Private Company Directors

Three Lessons for Private Companies from Public Company Governance

Closely held companies may not be able to afford to accept the mom-and-pop style governance that has long separated public and private concerns. Increasingly, private company executives are embracing the more structured governance processes used by their public counterparts.

There’s a challenge for closely held companies: strengthening governance without compromising the flexibility that many see as their primary advantage in the marketplace. While most public companies have clear rules and strict procedures to ensure everything from regulatory compliance to risk assessment, private companies may be wary of becoming too bureaucratic or beholden to process.

Based on our research with both public and private companies, Deloitte has identified three key areas in which private companies can emulate public company governance in developing their oversight.

1) Board Composition

Companies should consider the type of board they need. How many committees can address the company’s needs? Generally, management and directors overlap more in private companies than in public ones, so boards could include outside directors to encourage fresh perspectives. Having more outsiders on the board can make discussions of risk, strategy and succession more robust.
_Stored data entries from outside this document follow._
Definition in_Lambda (mu : nat) (x : FF mu) : Prop :=
  exists (p : mpoly mu) (k : nat), x * monoF mu ^+ k = tofr p.

Definition in_I (mu : nat) (x : FF mu) : Prop :=
  exists (p : mpoly mu) (k : nat), x * monoF mu ^+ k = tofr p /\ aug p = 0.

Definition in_kertau (mu : nat) (x : FF mu) : Prop :=
  exists (p : mpoly mu) (k : nat), x * monoF mu ^+ k = tofr p /\ tau_poly p = 0.

Definition in_kertau_I (mu : nat) (x : FF mu) : Prop :=
  exists (N : nat) (j f : 'I_N -> FF mu),
    (forall l, in_kertau (j l) /\ in_I (f l)) /\ x = \sum_(l < N) j l * f l.

Definition rho (mu : nat) (D : link_diagram mu) (c : Crossing D)
  (a : Arc D) : FF mu :=
  (1 - tF (kappa (under_r c))) * ((a == over c)%:R)
  + tF (kappa (over c)) * ((a == under_r c)%:R)
  - ((a == under_l c)%:R).

Definition phi (mu : nat) (D : link_diagram mu) (x : Arc D -> FF mu) : FF mu :=
  \sum_(a : Arc D) x a * (tF (kappa a) - 1).

(* Write elements of Lambda_mu as p / (t_1 ... t_mu)^k with p a polynomial.
   If x is in the submodule, phi_L(x) is in J I_mu (J = ker tau): phi_L kills
   rho_D(c) because the two underpassing arcs of c lie on one component,
   phi_L(j a) = j (t_kappa(a) - 1), and phi_L((t_i - 1)(b - b')) =
   (t_i - 1)(t_kappa(b) - t_kappa(b')) with t_kappa(b) - t_kappa(b') in J.
   Conversely, if phi_L(x) is in J I_mu, clear denominators.  Applying tau and
   cancelling t - 1 shows that sum_a x_a is in J.  The map psi_i : t_i |-> t,
   t_k |-> 1 (k <> i) sends J I_mu into ((t - 1)^2); applying it, cancelling
   t - 1 and evaluating at 1 shows that the sum y_i of the coefficients of x on
   the arcs of K_i is in I_mu.  At every crossing a_2 - a_3 lies in the
   submodule, so by connectivity of the components all coefficients on K_i can
   be moved to one base arc; finally y_i = j_i + (t_i - 1) z_i with j_i in J,
   and sum_i (t_i - 1) z_i lies in J because sum_i y_i does. *)
From Pilot Require Import Defs.
From HB Require Import structures.
From mathcomp Require Import all_boot all_order all_algebra.
From mathcomp Require Import ring.
Import Order.TTheory GRing.Theory Num.Theory.
Local Open Scope ring_scope.
Set Implicit Arguments. Unset Strict Implicit.

Fixpoint evalm_rmorph (R : comNzRingType) (v : nat -> R) (n : nat) :
    {rmorphism mpoly n -> R} :=
  match n return {rmorphism mpoly n -> R} with
  | 0 => (intr : {rmorphism int -> R})
  | n'.+1 => (horner_morph (fun p => mulrC (v n') (evalm_rmorph v n' p))
              : {rmorphism {poly mpoly n'} -> R})
  end.

Lemma evalmE (R : comNzRingType) (v : nat -> R) n (p : mpoly n) :
  evalm v p = evalm_rmorph v n p.
Proof.
elim: n p => [//|n IH] p /=.
by rewrite /horner_morph; congr (_.[_]); apply: eq_map_poly => q; apply: IH.
Qed.

Lemma evalm_is_zmod_morphism (R : comNzRingType) (v : nat -> R) n :
  zmod_morphism (@evalm R v n).
Proof. by move=> p q; rewrite !evalmE rmorphB. Qed.

Lemma evalm_is_monoid_morphism (R : comNzRingType) (v : nat -> R) n :
  monoid_morphism (@evalm R v n).
Proof. by split=> [|p q]; rewrite !evalmE (rmorph1, rmorphM). Qed.

HB.instance Definition _ (R : comNzRingType) (v : nat -> R) n :=
  GRing.isZmodMorphism.Build _ _ (@evalm R v n) (@evalm_is_zmod_morphism R v n).
HB.instance Definition _ (R : comNzRingType) (v : nat -> R) n :=
  GRing.isMonoidMorphism.Build _ _ (@evalm R v n) (@evalm_is_monoid_morphism R v n).
HB.instance Definition _ mu :=
  GRing.RMorphism.copy (@tau_poly mu) (@evalm _ (fun=> 'X) mu).
HB.instance Definition _ mu :=
  GRing.RMorphism.copy (@aug mu) (@evalm int (fun=> 1) mu).
HB.instance Definition _ mu :=
  GRing.RMorphism.copy (@tofr mu) (@FracField.tofrac (mpoly mu)).

Lemma evalm_tv (R : comNzRingType) (v : nat -> R) n i :
  (i < n)%N -> evalm v (tv n i) = v i.
Proof.
elim: n => [//|n IH] /= lt_in.
case: eqP => [->|ne]; first by rewrite map_polyX hornerX.
by rewrite map_polyC hornerC [LHS]IH //; move: lt_in; rewrite ltnS leq_eqVlt => /predU1P[].
Qed.

Lemma eq_evalm (R : comNzRingType) (v w : nat -> R) n (p : mpoly n) :
  (forall k, (k < n)%N -> v k = w k) -> evalm v p = evalm w p.
Proof.
elim: n p => [//|n IH] p /= vw.
rewrite vw //; congr (_.[_]); apply: eq_map_poly => q.
by apply: IH => k lt_kn; apply/vw/ltnW.
Qed.

Lemma rmorph_evalm (R S : comNzRingType) (g : {rmorphism R -> S})
    (v : nat -> R) n (p : mpoly n) :
  g (evalm v p) = evalm (g \o v) p.
Proof.
elim: n p => [|n IH] p /=; first by rewrite rmorph_int.
rewrite -horner_map /= -map_poly_comp; congr (_.[_]).
by apply: eq_map_poly => q /=; apply: IH.
Qed.

Lemma Xsub1_neq0 : ('X - 1 : {poly int}) != 0.
Proof. by rewrite -polyC1 polyXsubC_eq0. Qed.

Section LaurentRing.
Variable mu : nat.
Local Notation FF := (FF mu).
Local Notation m := (monoF mu).

Definition mono_poly : mpoly mu := \prod_(i < mu) tv mu i.

Definition psi (i : 'I_mu) (p : mpoly mu) : {poly int} :=
  evalm (fun k => if k == i then 'X else 1) p.
HB.instance Definition _ i := GRing.RMorphism.copy (psi i) (@evalm _ _ mu).

Lemma tau_tv i : (i < mu)%N -> tau_poly (tv mu i) = 'X.
Proof. exact: evalm_tv. Qed.

Lemma tau_mono_poly : tau_poly mono_poly = 'X ^+ mu.
Proof.
rewrite rmorph_prod (eq_bigr (fun=> 'X)) ?prodr_const ?card_ord // => i _.
exact: tau_tv.
Qed.

Lemma monoF_neq0 : m != 0.
Proof.
rewrite /monoF /tofr tofrac_eq0 -/mono_poly; apply: contraTneq isT => mono0.
have := tau_mono_poly; rewrite mono0 rmorph0 => /eqP.
by rewrite eq_sym expf_eq0 polyX_eq0 andbF.
Qed.

Lemma aug_tau (p : mpoly mu) : aug p = (tau_poly p).[1].
Proof.
rewrite /tau_poly -horner_evalE rmorph_evalm; apply: eq_evalm => k _.
by rewrite /= horner_evalE hornerX.
Qed.

Lemma aug_tv i : (i < mu)%N -> aug (tv mu i) = 1.
Proof. exact: evalm_tv. Qed.

Lemma psi_tv (i j : 'I_mu) : psi i (tv mu j) = if j == i then 'X else 1.
Proof. exact: evalm_tv. Qed.

Lemma psi_mono_poly i : psi i mono_poly = 'X.
Proof.
rewrite rmorph_prod (bigD1 i) //= psi_tv eqxx big1 ?mulr1 // => k ne_ki.
by rewrite psi_tv (negbTE ne_ki).
Qed.

Lemma psi_horner1 i (p : mpoly mu) : (psi i p).[1] = aug p.
Proof.
rewrite /psi -horner_evalE rmorph_evalm; apply: eq_evalm => k _.
by rewrite /= horner_evalE; case: (k == i); rewrite ?hornerX ?hornerC.
Qed.

Lemma monoFE : m = tofr mono_poly.
Proof. by []. Qed.

Lemma tofr_inj : injective (@tofr mu).
Proof. by move=> p q /eqP; rewrite tofrac_eq => /eqP. Qed.

Lemma rep_raise (x : FF) (p : mpoly mu) k d :
  x * m ^+ k = tofr p -> x * m ^+ (k + d) = tofr (p * mono_poly ^+ d).
Proof. by move=> xp; rewrite exprD mulrA xp rmorphM rmorphXn. Qed.

Lemma rep_add (x y : FF) (p q : mpoly mu) k l :
    x * m ^+ k = tofr p -> y * m ^+ l = tofr q ->
  (x + y) * m ^+ (k + l) = tofr (p * mono_poly ^+ l + q * mono_poly ^+ k).
Proof.
move=> xp yq; rewrite mulrDl (rep_raise l xp) addnC (rep_raise k yq).
by rewrite rmorphD.
Qed.

Lemma rep_mul (x y : FF) (p q : mpoly mu) k l :
    x * m ^+ k = tofr p -> y * m ^+ l = tofr q ->
  (x * y) * m ^+ (k + l) = tofr (p * q).
Proof. by move=> xp yq; rewrite exprD mulrACA xp yq rmorphM. Qed.

Lemma in_Lambda_tofr (p : mpoly mu) : in_Lambda (tofr p).
Proof. by exists p, 0%N; rewrite mulr1. Qed.

Lemma in_Lambda0 : in_Lambda (0 : FF).
Proof. by rewrite -(rmorph0 (@tofr mu)); apply: in_Lambda_tofr. Qed.

Lemma in_Lambda1 : in_Lambda (1 : FF).
Proof. by rewrite -(rmorph1 (@tofr mu)); apply: in_Lambda_tofr. Qed.

Lemma in_LambdaD (x y : FF) : in_Lambda x -> in_Lambda y -> in_Lambda (x + y).
Proof. by move=> [p [k xp]] [q [l yq]]; do 2 eexists; apply: rep_add xp yq. Qed.

Lemma in_LambdaM (x y : FF) : in_Lambda x -> in_Lambda y -> in_Lambda (x * y).
Proof. by move=> [p [k xp]] [q [l yq]]; do 2 eexists; apply: rep_mul xp yq. Qed.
To determine the type of outside director a company needs, the existing board should assess long-term goals and identify gaps in the expertise of the current directors. Does a company need more financial experience on the board? Should it hire a director who has a background in international expansion?

Private companies also should consider evaluating diversity. Family-owned businesses may have multiple generations represented, but age isn’t the only consideration. Is there ethnic and gender diversity? In ad-dressing these issues, companies may want to consider their customer base and whether the makeup of the board reflects that base.

It’s also important for private company directors to understand their fiduciary duty to stakeholders, just as a public company board does.

2) Succession Planning

Planning for the replacement of a chief executive officer or founder can be difficult, especially for a family-run business. But companies should be prepared for the unexpected, such as the sudden passing or disability of the CEO. Both the board and the CEO should agree the successor and how that person will be selected. Succession stability benefits not just the company and its employees, but also customers, vendors, lenders and other stakeholders who could be affected by the uncertainty of a leadership vacuum.

This isn’t a single-discussion or decision. Even after a plan is adopted, boards should consider regularly revisiting the issue to ensure the plan is still effective and that the chosen successor still meets the company’s long-term strategy goals.

Recruiting and talent retention is an outgrowth of succession planning. Public companies typically identify key employees and determine who will fill their roles if they leave. Private companies should be equally prepared for key executive changes, even in family businesses where the possibility of turnover may seem remote. The board may consider creating a compensation and nominating committee to handle these processes.

3) Strategy and Risk Oversight

Boards should consider regularly addressing strategy and risk management issues. Strategy often is identified by companies, both public and private, as one of their greatest challenges. Boards and executives should consider regular strategy retreats or meetings in which they discuss strategic ob¬jective and set metrics and develop a strategy for achieving them. Once the goals are set, these sessions should focus on executing such objectives.

Risk management is a key part of corporate strategy, and the board may consider creating a separate risk committee. Depending on the industry and size of the company, the audit committee may be responsible for overseeing risk management. Generally, the committee is responsible for overseeing the risk policies and program. The full board ultimately is accounting for risk oversight and is responsible for discussing the strategic risks to the business.

Fresh Perspective

As the challenges facing privately held companies grow more complex, many find that the board structures adopted by public companies can help position them for long-term growth. For companies of all sizes, more formalized boards, with greater diversity of directors, appear to becoming the standard.

While the needs of private companies vary widely based on their size and type of business, adopting the leading governance practices of public companies can help them move beyond insularity and invite fresh ideas for building the business.